[Collected data]
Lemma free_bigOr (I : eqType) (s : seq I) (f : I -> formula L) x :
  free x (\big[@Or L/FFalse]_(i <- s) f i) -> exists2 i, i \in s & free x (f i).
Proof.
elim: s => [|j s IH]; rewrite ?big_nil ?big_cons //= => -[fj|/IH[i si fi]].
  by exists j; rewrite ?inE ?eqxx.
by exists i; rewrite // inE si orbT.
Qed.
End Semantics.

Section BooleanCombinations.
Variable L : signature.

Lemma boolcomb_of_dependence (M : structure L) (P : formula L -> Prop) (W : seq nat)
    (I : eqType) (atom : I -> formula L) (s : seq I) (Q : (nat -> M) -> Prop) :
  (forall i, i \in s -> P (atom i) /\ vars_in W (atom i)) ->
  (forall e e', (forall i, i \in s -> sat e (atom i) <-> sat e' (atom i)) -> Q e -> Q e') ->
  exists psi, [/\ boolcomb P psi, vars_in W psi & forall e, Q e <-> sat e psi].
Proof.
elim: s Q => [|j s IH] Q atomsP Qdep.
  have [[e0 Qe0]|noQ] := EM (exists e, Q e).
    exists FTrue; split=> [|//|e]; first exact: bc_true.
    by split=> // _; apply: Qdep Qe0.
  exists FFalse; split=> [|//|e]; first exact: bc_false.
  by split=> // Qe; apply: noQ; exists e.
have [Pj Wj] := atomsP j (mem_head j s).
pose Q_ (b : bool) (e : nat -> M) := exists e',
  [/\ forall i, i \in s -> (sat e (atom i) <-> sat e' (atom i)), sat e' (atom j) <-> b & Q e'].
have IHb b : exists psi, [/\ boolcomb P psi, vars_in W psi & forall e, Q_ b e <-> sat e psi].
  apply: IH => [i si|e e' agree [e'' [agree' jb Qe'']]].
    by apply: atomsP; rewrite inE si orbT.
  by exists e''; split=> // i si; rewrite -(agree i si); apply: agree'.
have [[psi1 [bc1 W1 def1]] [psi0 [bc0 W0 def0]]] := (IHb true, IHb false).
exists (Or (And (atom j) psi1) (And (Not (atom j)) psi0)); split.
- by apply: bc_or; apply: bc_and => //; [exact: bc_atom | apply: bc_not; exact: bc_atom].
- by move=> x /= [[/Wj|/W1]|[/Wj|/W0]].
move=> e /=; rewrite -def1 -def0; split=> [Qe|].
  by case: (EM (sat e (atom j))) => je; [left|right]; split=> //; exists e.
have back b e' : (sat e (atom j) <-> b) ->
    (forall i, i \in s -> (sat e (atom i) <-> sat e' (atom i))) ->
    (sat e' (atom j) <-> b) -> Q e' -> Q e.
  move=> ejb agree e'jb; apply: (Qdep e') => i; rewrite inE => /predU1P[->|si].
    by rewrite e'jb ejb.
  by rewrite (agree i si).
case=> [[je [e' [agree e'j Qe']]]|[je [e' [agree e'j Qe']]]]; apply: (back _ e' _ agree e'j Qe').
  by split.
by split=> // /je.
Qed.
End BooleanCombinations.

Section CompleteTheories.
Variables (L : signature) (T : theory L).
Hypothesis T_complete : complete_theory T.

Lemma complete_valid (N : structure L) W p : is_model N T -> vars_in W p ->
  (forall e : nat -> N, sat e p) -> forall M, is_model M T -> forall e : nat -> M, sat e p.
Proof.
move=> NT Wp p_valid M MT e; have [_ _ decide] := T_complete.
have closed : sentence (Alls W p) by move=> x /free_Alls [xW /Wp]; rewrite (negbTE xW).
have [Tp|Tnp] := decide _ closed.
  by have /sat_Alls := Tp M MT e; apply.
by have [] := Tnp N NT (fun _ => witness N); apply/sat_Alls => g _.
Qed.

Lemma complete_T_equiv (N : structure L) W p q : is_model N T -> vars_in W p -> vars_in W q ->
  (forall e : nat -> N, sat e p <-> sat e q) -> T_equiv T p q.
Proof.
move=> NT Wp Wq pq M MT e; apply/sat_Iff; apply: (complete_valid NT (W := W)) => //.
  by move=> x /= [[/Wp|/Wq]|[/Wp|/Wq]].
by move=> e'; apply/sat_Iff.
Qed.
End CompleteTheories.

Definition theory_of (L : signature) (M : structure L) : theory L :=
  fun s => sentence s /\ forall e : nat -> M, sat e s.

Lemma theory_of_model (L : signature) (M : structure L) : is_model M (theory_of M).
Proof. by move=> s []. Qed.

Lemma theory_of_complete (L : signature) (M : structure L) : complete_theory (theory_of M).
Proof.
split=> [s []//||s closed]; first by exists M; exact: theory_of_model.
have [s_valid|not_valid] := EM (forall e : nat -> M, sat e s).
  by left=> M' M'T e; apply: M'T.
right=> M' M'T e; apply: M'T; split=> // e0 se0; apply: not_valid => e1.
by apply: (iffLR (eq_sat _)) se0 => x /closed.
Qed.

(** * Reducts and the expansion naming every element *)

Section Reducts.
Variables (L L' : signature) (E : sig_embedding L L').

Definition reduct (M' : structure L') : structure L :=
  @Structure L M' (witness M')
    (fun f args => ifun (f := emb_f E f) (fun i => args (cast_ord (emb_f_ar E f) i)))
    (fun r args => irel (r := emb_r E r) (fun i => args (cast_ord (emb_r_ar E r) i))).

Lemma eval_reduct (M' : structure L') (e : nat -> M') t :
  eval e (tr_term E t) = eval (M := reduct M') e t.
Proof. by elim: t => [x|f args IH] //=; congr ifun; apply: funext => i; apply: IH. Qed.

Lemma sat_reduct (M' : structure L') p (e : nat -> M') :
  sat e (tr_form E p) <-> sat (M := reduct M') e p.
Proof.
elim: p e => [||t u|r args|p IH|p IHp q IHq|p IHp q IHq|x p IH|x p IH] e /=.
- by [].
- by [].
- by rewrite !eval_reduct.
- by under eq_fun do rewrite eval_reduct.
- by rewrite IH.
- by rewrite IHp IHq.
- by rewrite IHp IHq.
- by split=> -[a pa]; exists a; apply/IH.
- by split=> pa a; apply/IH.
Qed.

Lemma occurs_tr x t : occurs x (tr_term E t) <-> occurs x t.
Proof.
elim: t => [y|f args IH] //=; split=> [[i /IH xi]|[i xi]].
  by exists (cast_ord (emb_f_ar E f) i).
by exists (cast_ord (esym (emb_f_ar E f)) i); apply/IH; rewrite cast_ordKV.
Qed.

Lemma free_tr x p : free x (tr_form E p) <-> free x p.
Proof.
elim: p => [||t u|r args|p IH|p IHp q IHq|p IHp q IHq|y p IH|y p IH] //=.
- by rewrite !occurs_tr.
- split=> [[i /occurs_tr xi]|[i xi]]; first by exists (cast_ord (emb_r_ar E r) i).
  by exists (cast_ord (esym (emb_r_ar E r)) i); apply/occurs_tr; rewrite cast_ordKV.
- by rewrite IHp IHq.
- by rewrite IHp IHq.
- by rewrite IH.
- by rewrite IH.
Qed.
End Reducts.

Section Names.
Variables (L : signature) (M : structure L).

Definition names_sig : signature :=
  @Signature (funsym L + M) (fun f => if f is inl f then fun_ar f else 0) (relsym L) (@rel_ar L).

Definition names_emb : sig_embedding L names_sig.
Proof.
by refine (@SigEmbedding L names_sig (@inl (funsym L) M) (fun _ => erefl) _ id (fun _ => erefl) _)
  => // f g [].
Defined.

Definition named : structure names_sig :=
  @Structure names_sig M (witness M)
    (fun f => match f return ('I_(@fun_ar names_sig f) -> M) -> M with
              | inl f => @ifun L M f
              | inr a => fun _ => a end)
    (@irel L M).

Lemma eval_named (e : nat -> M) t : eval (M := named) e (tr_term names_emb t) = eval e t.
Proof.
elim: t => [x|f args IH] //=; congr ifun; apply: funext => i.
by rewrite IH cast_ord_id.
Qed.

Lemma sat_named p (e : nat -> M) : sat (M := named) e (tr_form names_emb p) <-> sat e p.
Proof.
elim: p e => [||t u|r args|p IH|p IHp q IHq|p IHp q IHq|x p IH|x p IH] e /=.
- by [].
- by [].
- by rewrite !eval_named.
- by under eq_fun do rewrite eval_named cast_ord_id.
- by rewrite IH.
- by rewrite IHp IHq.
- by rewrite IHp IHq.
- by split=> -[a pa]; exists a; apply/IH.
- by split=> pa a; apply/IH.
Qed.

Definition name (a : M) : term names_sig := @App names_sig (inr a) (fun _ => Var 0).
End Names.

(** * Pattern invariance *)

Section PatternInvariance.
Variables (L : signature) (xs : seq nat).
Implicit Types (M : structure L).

**Description of the task:**
From the records above, retype only the lines starting at the line that contains "End BooleanCombinations." and ending at the line that contains "Lemma complete_valid (N", both included.

**Response for this exercise:**
End BooleanCombinations.

Section CompleteTheories.
Variables (L : signature) (T : theory L).
Hypothesis T_complete : complete_theory T.

Lemma complete_valid (N : structure L) W p : is_model N T -> vars_in W p ->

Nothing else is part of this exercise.